Search papers, labs, and topics across Lattice.
This study systematically evaluates various conditioning methods for Large Language Models (LLMs) to understand the trade-off between effectiveness and fluency in output generation. The findings reveal that while efficient steering methods can achieve effective conditioning, they often compromise fluency, particularly when applied to instruction-tuned models. Additionally, the research highlights that simple prompting and supervised fine-tuning are effective for concept injection but less so for removal, with textual metrics providing a reliable proxy for more expensive evaluations.
Efficient conditioning methods for LLMs often sacrifice fluency, revealing a critical trade-off that could reshape deployment strategies.

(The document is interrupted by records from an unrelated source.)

Lemma mderivn_exprM R S a j : exists2 c, c != 0%N & exists U,
  (R ^+ (a + j) * S)^`M(i, j) = R ^+ a * (R^`M(i) ^+ j * S *+ c + R * U).
Proof.
elim: j a => [|j IH] a.
  by exists 1%N => //; exists 0; rewrite mderivn0 addn0 mulr0 addr0 expr0 mul1r.
have [c c0 [U defU]] := IH a.+1.
exists (c * a.+1)%N; first by rewrite muln_eq0 negb_or c0.
exists (R^`M(i) * U *+ a.+1 + (R^`M(i) ^+ j * S *+ c + R * U)^`M(i)).
rewrite mderivnS -addSnnS defU mderivM mderiv_exp.
move: (_ + R * U)^`M(i) => W.
rewrite mulrnA [R^`M(i) ^+ j.+1]exprS [R ^+ a.+1]exprSr.
ring.
Qed.

Lemma in_pidealMn R X c : [pchar K] =i pred0 -> c != 0%N ->
  in_pideal R (X *+ c) -> in_pideal R X.
Proof.
move=> char0 c0 [S defXc]; exists ((c%:R : K)^-1 *: S).
have c0K : (c%:R : K) != 0 by move/pcharf0P: char0 => ->.
by rewrite -scalerAr -defXc -scaler_nat scalerA mulVf // scale1r.
Qed.

Lemma in_pidealDMr R X Y : in_pideal R (X + R * Y) -> in_pideal R X.
Proof. by move=> [S defS]; exists (S - Y); rewrite mulrBr -defS addrK. Qed.

Lemma prime_pideal_expM R A B k : prime_pideal R ->
  in_pideal R (A ^+ k * B) -> in_pideal R A \/ in_pideal R B.
Proof.
move=> primeR; elim: k => [|k IH]; first by rewrite expr0 mul1r; right.
by rewrite exprS -mulrA => /primeR [|/IH]; [left|].
Qed.

(* deg (dR/dx_i) < deg R, so R cannot divide its nonzero derivative. *)
Lemma mderiv_notin_pideal R : (1 < msize R)%N -> R^`M(i) != 0 -> ~ in_pideal R R^`M(i).
Proof.
move=> R_nconst dR0 [S defS].
have S0 : S != 0 by apply: contraNneq dR0 => S0; rewrite defS S0 mulr0.
have R0 : R != 0 by apply: contraTneq R_nconst => ->; rewrite msize0.
have := msize_mderiv i R; rewrite defS msizeM //.
have : (0 < msize S)%N by rewrite lt0n msize_poly_eq0.
by move: (msize R) (msize S) R_nconst => r s; lia.
Qed.

Lemma mderivn_exprM_notin_pideal R S k : [pchar K] =i pred0 -> prime_pideal R ->
  (1 < msize R)%N -> R^`M(i) != 0 -> ~ in_pideal R S ->
  ~ in_pideal R (R ^+ k * S)^`M(i, k).
Proof.
move=> char0 primeR R_nconst dR0 S_notin.
have [c c0 [U]] := mderivn_exprM R S 0 k; rewrite add0n expr0 mul1r => ->.
move=> /in_pidealDMr /(in_pidealMn char0 c0) /(prime_pideal_expM primeR) [].
  exact: mderiv_notin_pideal.
exact: S_notin.
Qed.

Lemma prime_pideal_comp_kernel m (L : n.-tuple {mpoly K[m]}) R :
  (forall Q, Q \mPo L = 0 <-> in_pideal R Q) -> prime_pideal R.
Proof.
move=> kerL A B /kerL; rewrite rmorphM => /eqP; rewrite mulf_eq0.
by case/orP => /eqP /kerL; [left|right].
Qed.

End PrincipalIdeal.

Theorem proposition1 (K : closedFieldType) (n : nat)
    (Phi : (n.+1).-tuple {mpoly K[n.+1]}) (R P : {mpoly K[n.+1]}) (k : nat) :
  [pchar K] =i pred0 ->
  poly_automorphism Phi ->
  let d := fun i : 'I_n.+1 => deg1 (tnth Phi i) in
  let nabla : int := (\sum_(i < n.+1) d i)%N%:Z - (n.+1)%:Z in
  (forall Q : {mpoly K[n.+1]},
     Q \mPo [tuple hbar (tnth Phi i) | i < n.+1] = 0 <-> in_pideal R Q) ->
  mirreducible R ->
  R^`M(ord_max) != 0 ->
  P != 0 ->
  in_pideal (R ^+ k) (wtop d P) ->
  ~ in_pideal (R ^+ k.+1) (wtop d P) ->
  [/\ deg1 (P^`M(ord_max, k) \mPo Phi) = wdegp d (P^`M(ord_max, k))
        /\ (wdegp d (P^`M(ord_max, k)) : int) = (wdegp d P)%:Z - (k * d ord_max)%N%:Z,
      (deg1 (P \mPo Phi))%:Z >= (wdegp d P)%:Z - k%:Z * nabla
    & (deg1 (P \mPo Phi))%:Z >= k%:Z * ((wdegp d R)%:Z - nabla)].
Proof.
move=> char0 [Psi [_ PsiK]] d nabla kerPhibar [R_nconst _] dR0 P0 [S topP] topP_notin.
set Phibar := [tuple hbar (tnth Phi i) | i < n.+1] in kerPhibar *.
have S_notin : ~ in_pideal R S.
  by move=> [S' defS]; apply: topP_notin; exists S'; rewrite topP defS exprSr mulrA.
have topPk_Phibar0 : (wtop d P)^`M(ord_max, k) \mPo Phibar != 0.
  apply/eqP => /kerPhibar; rewrite topP; apply: mderivn_exprM_notin_pideal => //.
  exact: prime_pideal_comp_kernel kerPhibar.
have topPk0 : (wtop d P)^`M(ord_max, k) != 0.
  by apply: contraNneq topPk_Phibar0 => ->; rewrite comp_mpoly0.
have [degPk topPk] := wtop_mderivn topPk0.
rewrite -topPk in topPk_Phibar0.
have degPkPhi := deg1_comp topPk_Phibar0.
have jacobian_bound := deg1_comp_mderivn PsiK (comp_mpoly_neq0 topPk_Phibar0).
have degR : (k * wdegp d R <= wdegp d P)%N.
  apply: leq_trans (wdegp_wtop_le d P).
  by apply: wdegp_in_pideal_exp (wtop_neq0 d P0) _; exists S.
have deg_ii : (wdegp d P + k * n.+1 <= deg1 (P \mPo Phi) + k * \sum_(i < n.+1) d i)%N.
  by move: jacobian_bound; rewrite degPkPhi -degPk mulnDr addnA.
have ii : (wdegp d P)%:Z - k%:Z * nabla <= (deg1 (P \mPo Phi))%:Z.
  by rewrite /nabla mulrBr -!PoszM; lia.
split; [by split=> //; rewrite -degPk PoszD addrK|exact: ii|].
by move: ii; rewrite !mulrBr -PoszM; lia.
Qed.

Controlling the output of Large Language Models (LLMs) is a central challenge for their reliable deployment, yet a clear understanding of the involved trade-offs remains elusive. Current approaches to conditioning are often evaluated with a narrow focus on their effectiveness at injecting or removing a target concept, neglecting generation quality. We systematically investigate a range of conditioning methods in both injection and removal scenarios. We find that efficient steering methods frequently achieve conditioning at a steep cost to fluency. Furthermore, we identify a critical yet previously overlooked interaction with the training paradigm: activation steering methods are far less effective on instruction-tuned models than on their base counterparts. Simple prompting and full-fledged supervised fine-tuning, on the other hand, are viable options for concept injection, but are not as good at concept removal. Finally, cheaply computed textual metrics highly correlate to costly LLM-as-judge scores, and provide insights on the behavior of conditioning methods.